### EXERCISE INSTRUCTIONS
There is material below. Print exactly the lines starting at the line with "intros Hu Y m [Z [f Hk]]." and ending at the line with "Lemma complete_star_unitary (X", ends included, and no others.

◆ ◆ ◆ ◆ ◆

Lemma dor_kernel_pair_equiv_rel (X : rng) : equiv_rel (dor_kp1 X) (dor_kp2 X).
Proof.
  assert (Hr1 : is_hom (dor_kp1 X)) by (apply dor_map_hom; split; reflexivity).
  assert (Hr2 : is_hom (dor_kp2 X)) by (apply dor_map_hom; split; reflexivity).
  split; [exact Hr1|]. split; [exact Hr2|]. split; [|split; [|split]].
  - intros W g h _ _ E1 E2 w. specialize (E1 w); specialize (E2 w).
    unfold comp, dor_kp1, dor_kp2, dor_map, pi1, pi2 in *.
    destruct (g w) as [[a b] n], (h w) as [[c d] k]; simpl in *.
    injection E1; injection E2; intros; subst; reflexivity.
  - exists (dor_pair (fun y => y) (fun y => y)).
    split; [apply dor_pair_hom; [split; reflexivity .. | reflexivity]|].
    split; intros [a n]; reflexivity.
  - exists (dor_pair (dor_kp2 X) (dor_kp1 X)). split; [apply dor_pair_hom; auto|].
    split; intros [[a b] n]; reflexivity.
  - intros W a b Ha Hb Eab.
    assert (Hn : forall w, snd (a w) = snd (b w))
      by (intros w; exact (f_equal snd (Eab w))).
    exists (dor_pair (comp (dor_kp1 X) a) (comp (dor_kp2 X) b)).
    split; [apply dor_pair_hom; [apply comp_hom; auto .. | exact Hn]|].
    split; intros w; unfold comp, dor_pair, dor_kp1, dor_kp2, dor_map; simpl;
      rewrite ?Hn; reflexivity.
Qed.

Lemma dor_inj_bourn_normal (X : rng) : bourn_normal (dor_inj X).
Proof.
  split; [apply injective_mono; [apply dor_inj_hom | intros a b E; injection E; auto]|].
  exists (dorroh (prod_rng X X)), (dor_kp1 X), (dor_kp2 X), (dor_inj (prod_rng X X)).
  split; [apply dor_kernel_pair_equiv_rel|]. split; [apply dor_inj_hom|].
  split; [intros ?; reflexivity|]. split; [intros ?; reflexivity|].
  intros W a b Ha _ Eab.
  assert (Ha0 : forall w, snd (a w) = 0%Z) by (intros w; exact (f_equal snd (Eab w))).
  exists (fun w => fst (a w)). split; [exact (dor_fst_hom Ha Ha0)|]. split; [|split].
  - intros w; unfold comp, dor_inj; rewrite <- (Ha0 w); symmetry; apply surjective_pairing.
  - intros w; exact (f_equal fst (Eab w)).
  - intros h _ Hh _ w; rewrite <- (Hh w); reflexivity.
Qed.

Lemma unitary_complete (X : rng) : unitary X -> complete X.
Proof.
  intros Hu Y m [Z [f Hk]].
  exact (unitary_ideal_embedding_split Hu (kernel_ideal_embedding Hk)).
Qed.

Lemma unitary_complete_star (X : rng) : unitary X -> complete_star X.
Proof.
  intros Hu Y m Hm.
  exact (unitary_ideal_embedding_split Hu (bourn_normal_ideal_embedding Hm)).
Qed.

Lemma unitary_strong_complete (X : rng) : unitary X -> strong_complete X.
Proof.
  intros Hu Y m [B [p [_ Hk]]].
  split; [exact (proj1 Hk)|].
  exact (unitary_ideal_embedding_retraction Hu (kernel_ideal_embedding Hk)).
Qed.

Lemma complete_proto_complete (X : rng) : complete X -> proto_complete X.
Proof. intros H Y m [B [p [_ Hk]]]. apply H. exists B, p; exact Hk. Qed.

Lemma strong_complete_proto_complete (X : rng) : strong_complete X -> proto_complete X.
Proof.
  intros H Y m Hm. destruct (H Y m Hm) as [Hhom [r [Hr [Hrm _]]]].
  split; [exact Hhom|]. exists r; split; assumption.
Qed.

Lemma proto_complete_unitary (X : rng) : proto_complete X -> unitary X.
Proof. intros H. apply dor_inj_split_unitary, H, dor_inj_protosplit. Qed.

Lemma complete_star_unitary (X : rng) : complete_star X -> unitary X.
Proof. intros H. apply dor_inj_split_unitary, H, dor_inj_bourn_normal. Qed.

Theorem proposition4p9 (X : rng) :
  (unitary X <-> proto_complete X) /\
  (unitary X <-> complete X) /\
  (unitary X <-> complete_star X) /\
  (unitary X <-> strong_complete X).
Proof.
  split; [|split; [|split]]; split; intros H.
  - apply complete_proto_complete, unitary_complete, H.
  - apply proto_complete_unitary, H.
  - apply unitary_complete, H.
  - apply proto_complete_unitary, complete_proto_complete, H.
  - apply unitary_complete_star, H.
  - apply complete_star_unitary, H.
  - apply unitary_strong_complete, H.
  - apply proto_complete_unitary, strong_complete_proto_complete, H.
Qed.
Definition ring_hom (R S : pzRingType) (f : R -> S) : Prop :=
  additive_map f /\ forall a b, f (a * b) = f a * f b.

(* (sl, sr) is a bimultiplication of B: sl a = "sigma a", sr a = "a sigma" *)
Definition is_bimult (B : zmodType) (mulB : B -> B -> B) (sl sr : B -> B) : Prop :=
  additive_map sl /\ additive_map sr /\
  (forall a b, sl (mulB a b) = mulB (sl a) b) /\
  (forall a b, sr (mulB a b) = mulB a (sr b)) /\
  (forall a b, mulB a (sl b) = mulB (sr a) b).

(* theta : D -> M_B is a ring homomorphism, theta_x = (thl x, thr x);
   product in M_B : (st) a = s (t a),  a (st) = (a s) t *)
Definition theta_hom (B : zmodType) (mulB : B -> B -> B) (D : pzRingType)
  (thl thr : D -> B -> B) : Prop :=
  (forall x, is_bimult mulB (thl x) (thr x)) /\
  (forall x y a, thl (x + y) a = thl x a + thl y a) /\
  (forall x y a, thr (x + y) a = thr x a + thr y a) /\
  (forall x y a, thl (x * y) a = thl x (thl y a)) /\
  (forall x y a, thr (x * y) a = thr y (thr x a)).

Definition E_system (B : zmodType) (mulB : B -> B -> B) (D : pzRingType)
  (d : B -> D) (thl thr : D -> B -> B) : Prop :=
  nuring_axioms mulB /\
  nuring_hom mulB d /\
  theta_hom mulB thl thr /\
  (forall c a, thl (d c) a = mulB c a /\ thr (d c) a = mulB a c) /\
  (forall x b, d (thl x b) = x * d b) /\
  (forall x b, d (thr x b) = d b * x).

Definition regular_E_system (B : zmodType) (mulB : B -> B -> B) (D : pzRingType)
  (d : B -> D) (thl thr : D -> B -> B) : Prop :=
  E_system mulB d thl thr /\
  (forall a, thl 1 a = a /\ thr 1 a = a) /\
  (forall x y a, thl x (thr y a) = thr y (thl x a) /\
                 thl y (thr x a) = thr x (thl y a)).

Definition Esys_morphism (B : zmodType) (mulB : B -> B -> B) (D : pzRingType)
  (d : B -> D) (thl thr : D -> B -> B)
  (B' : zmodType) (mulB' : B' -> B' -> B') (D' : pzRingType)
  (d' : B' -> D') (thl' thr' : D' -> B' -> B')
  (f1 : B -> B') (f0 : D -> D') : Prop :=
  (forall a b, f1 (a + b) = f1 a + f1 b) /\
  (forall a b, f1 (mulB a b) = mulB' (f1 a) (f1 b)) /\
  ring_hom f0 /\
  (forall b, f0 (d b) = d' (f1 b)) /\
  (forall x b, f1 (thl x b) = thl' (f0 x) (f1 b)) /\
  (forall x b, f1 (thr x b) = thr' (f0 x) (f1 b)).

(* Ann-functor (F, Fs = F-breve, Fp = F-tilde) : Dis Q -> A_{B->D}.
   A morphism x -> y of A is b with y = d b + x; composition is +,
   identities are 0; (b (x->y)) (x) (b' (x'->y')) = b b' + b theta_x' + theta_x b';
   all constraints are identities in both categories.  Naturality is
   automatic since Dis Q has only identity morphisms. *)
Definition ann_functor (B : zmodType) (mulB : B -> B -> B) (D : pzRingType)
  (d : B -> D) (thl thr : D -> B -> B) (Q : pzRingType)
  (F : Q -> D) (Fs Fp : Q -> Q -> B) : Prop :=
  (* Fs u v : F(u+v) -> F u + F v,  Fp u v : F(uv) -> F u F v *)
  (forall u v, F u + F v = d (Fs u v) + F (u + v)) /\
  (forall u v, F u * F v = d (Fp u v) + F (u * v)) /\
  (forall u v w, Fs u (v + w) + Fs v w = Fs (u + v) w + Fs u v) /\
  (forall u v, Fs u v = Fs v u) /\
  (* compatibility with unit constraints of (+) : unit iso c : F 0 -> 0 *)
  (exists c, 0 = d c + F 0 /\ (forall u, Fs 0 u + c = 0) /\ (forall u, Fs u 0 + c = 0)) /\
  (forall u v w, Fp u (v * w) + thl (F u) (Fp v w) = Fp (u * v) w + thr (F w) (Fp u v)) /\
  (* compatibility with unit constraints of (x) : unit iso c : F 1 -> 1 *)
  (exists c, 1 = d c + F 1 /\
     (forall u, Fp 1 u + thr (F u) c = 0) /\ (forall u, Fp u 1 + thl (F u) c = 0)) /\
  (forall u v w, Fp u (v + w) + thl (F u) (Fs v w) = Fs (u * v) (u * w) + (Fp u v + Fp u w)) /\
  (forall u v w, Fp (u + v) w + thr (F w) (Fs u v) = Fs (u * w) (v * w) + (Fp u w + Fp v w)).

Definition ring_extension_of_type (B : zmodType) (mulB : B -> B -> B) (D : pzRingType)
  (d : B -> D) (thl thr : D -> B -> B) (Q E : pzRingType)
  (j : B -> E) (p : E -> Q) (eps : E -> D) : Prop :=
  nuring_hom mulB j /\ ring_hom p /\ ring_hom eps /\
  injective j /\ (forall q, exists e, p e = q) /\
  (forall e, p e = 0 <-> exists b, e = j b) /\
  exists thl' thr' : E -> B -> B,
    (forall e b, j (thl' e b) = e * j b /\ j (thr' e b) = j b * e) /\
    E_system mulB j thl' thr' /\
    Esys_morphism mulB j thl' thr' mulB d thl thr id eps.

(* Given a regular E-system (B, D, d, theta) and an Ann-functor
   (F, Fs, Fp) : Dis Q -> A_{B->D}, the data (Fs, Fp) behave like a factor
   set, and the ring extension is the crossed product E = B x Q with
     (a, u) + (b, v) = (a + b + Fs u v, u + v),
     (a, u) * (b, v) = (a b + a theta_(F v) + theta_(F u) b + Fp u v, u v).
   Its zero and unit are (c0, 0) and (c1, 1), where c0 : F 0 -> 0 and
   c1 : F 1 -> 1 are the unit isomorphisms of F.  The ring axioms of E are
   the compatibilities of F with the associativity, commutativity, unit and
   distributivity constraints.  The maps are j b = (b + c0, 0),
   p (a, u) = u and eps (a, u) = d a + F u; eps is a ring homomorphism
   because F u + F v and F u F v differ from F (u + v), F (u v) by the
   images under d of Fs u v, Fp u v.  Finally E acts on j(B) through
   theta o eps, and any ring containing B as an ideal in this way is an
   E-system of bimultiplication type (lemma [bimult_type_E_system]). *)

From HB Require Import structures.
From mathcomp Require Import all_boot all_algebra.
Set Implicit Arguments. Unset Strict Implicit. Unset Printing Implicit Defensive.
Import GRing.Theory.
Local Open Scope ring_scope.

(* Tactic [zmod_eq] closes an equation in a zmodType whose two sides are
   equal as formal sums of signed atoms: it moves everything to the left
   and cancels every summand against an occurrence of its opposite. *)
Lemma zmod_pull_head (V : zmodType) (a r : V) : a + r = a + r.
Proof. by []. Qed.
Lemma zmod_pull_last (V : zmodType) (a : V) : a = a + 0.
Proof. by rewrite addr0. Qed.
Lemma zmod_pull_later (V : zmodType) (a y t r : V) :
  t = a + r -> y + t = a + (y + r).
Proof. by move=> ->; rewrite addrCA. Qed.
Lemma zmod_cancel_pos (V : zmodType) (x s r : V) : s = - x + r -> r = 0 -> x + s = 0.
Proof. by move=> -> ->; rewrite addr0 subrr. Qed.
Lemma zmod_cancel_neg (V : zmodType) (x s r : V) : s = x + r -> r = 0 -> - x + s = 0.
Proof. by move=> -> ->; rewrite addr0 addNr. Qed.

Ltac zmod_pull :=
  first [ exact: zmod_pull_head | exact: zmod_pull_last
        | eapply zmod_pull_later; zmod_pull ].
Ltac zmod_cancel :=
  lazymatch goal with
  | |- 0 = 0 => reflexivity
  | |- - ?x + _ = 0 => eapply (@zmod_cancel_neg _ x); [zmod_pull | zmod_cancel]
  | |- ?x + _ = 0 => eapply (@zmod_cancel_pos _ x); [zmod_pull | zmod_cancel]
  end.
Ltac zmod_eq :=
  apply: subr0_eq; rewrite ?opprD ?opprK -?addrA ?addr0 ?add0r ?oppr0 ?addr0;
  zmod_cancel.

◆ ◆ ◆ ◆ ◆

### EXERCISE SOLUTION
  intros Hu Y m [Z [f Hk]].
  exact (unitary_ideal_embedding_split Hu (kernel_ideal_embedding Hk)).
Qed.

Lemma unitary_complete_star (X : rng) : unitary X -> complete_star X.
Proof.
  intros Hu Y m Hm.
  exact (unitary_ideal_embedding_split Hu (bourn_normal_ideal_embedding Hm)).
Qed.

Lemma unitary_strong_complete (X : rng) : unitary X -> strong_complete X.
Proof.
  intros Hu Y m [B [p [_ Hk]]].
  split; [exact (proj1 Hk)|].
  exact (unitary_ideal_embedding_retraction Hu (kernel_ideal_embedding Hk)).
Qed.

Lemma complete_proto_complete (X : rng) : complete X -> proto_complete X.
Proof. intros H Y m [B [p [_ Hk]]]. apply H. exists B, p; exact Hk. Qed.

Lemma strong_complete_proto_complete (X : rng) : strong_complete X -> proto_complete X.
Proof.
  intros H Y m Hm. destruct (H Y m Hm) as [Hhom [r [Hr [Hrm _]]]].
  split; [exact Hhom|]. exists r; split; assumption.
Qed.

Lemma proto_complete_unitary (X : rng) : proto_complete X -> unitary X.
Proof. intros H. apply dor_inj_split_unitary, H, dor_inj_protosplit. Qed.

Lemma complete_star_unitary (X : rng) : complete_star X -> unitary X.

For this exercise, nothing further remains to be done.